Although the Court concluded that cross-undertakings in return for security for costs should be ‘rare and exceptional’, and that the cases to date had not been so, it is notable that the Court declined to say anything about what would constitute sufficient grounds for a cross-undertaking to be required. In some respects this does not leave the situation much clearer than it was before: the jurisdiction exists, but nobody can really say when it should be exercised. However, this may be an intentional tension. The Court clearly did not wish to fetter a judge’s ability to require a cross-undertaking in a truly exceptional case, but the fact that every known case in which one has been required as a condition of security has been expressly overruled is a clear signal that practitioners and parties should not be requesting cross-undertakings as a matter of course.
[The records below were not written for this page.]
(* Let $\alpha\ge\tfrac12$ and $1\le p<\infty$. There is a constant $C>0$ depending only on $\alpha$ and $p$ such that for every measurable $f$ on $\mathbb{R}_+$, $\sup_{y\in\mathbb{R}_+}\Big(\int_{\mathbb{R}_+}|f|^p\,\tau_y\mathbf{1}_{[0,1]}\,d\omega_\alpha\Big)^{1/p}\le C\,\|f\|_{p,\infty}.$
   Context: Fix $\alpha\geq\tfrac12$. The Bessel–Kingman hypergroup is $(\mathbb{R}_+,*_\alpha)$ with Haar measure $\omega_\alpha(dz)=z^{2\alpha+1}dz$ and, for $x,y>0$, $\varepsilon_x*_\alpha\varepsilon_y(f)=\int_{|x-y|}^{x+y}K_\alpha(x,y,z)f(z)z^{2\alpha+1}dz$ with $K_\alpha(x,y,z)=C_\Gamma\frac{[(z^2-(x-y)^2)((x+y)^2-z^2)]^{\alpha-1/2}}{(xyz)^{2\alpha}}$, $C_\Gamma=\frac{\Gamma(\alpha+1)}{\Gamma(1/2)\Gamma(\alpha+1/2)2^{2\alpha-1}}$; $\varepsilon_0$ is the identity. The translation is $\tau_yf(x)=\varepsilon_x*_\alpha\varepsilon_y(f)$ (so $\tau_0f=f$). Let $I_n=[n-1,n)$, $\omega_n=\omega_\alpha(I_n)$, and $\|f\|_{p,\infty}=\sup_{n\ge1}\big(\frac1{\omega_n}\int_{I_n}|f|^pd\omega_\alpha\big)^{1/p}$. *)

From Stdlib Require Import Reals Lra List.
From Stdlib Require Import ClassicalEpsilon.
Open Scope R_scope.

(* x^a for x >= 0 (with 0^a = 0, used only for a > 0 or on x > 0) *)
Definition rpow (x a : R) : R := if Rle_dec x 0 then 0 else Rpower x a.

(* "Lebesgue outer measure of A is <= r" *)
Definition outer_le (A : R -> Prop) (r : R) : Prop :=
  forall eps, 0 < eps -> exists a b : nat -> R,
    (forall x, A x -> exists n, a n < x < b n) /\
    (forall n, a n <= b n) /\
    (forall N, sum_f_R0 (fun n => b n - a n) N <= r + eps).

Definition lmeasurable (A : R -> Prop) : Prop :=
  forall E r, outer_le E r ->
    exists r1 r2, outer_le (fun x => E x /\ A x) r1 /\
                  outer_le (fun x => E x /\ ~ A x) r2 /\ r1 + r2 <= r.

Definition measurable_Rplus (f : R -> R) : Prop :=
  forall t, lmeasurable (fun x => 0 <= x /\ t < f x).

Definition ind (A : R -> Prop) (x : R) : R :=
  if excluded_middle_informative (A x) then 1 else 0.

Definition sval (s : list (R * (R -> Prop))) (x : R) : R :=
  fold_right (fun cA acc => fst cA * ind (snd cA) x + acc) 0 s.

(* "Lebesgue integral over D of the nonnegative function g is <= K":
   every nonnegative simple function below g on D has integral <= K. *)
Definition lint_le (D : R -> Prop) (g : R -> R) (K : R) : Prop :=
  forall s : list (R * (R -> Prop)),
    Forall (fun cA => 0 <= fst cA /\ lmeasurable (snd cA) /\
                      (forall x, snd cA x -> D x)) s ->
    (forall x, D x -> sval s x <= g x) ->
    exists rs : list R,
      Forall2 (fun cA r => fst cA = 0 \/ outer_le (snd cA) r) s rs /\
      fold_right Rplus 0 (map (fun p => fst (fst p) * snd p) (combine s rs))
        <= K.
Lemma om_null_orth Z W : om (s Z * Z) = 0 -> om (s Z * W) = 0.
Proof.
move=> hZ.
have expand t : om (s (W - (t * om (s Z * W)) *: Z) * (W - (t * om (s Z * W)) *: Z)) =
    om (s W * W) - (t + t^*) * `|om (s Z * W)| ^+ 2.
  rewrite (starB hs) (starZ hs) mulrBl !mulrBr -!scalerAl -!scalerAr scalerA.
  by rewrite !omB !omZ hZ [om (s W * Z)]om_herm normCK rmorphM /=; ring.
move: expand; set p := om (s Z * W); set c := om (s W * W) => expand.
apply/eqP/negPn/negP => p_neq0.
have p_gt0 : 0 < `|p| ^+ 2 by rewrite exprn_gt0 ?normr_gt0.
have c_ge0 : 0 <= c := om_ge0 W.
(* For this real t, [expand t] equals c - (c + 1) = -1. *)
pose t := (c + 1) / (`|p| ^+ 2 *+ 2).
have t_real : t^* = t.
  by apply/geC0_conj/divr_ge0; [rewrite addr_ge0 ?ler01 | apply/mulrn_wge0/ltW].
have := om_ge0 (W - (t * p) *: Z); rewrite expand t_real.
have -> : c - (t + t) * `|p| ^+ 2 = -1.
  by rewrite /t; move: (`|p| ^+ 2) (lt0r_neq0 p_gt0) => q q_neq0; field.
by rewrite ler0N1.
Qed.

Lemma om_shift_expand X mu Z :
  om (s (X - mu *: 1) * (Z * (X - mu *: 1))) =
  om (s X * (Z * X)) - mu * om (s X * Z) - mu^* * om (Z * X) + mu^* * mu * om Z.
Proof.
have -> : s (X - mu *: 1) * (Z * (X - mu *: 1)) =
    s X * (Z * X) - mu *: (s X * Z) - (mu^* *: (Z * X) - (mu^* * mu) *: Z).
  rewrite (starB hs) (starZ hs) (star1 hs) !mulrBl !mulrBr -!scalerAl -!scalerAr.
  by rewrite !mul1r !mulr1 scalerA.
by rewrite !omB !omZ; ring.
Qed.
It may be, as suggested by SRLV in its submissions but not commented upon by the Court, that the sorts of situations in which cross-undertakings are required will be limited to cases where security would not otherwise be granted.  This would be consistent with the Court of Appeal’s conclusion that the jurisdiction to require such an undertaking is itself inherent in the discretion being exercised.

Carlo Taczalski and Frederick Simpson represented SRLV, a firm of accountants which is an Intermediary Defendant in the Ingenious Litigation, in the Court of Appeal.  They are led by Ben Quiney QC in the case, and they are instructed by Martin Chesher, Laura Hurst and Henry Saunders of Kennedys.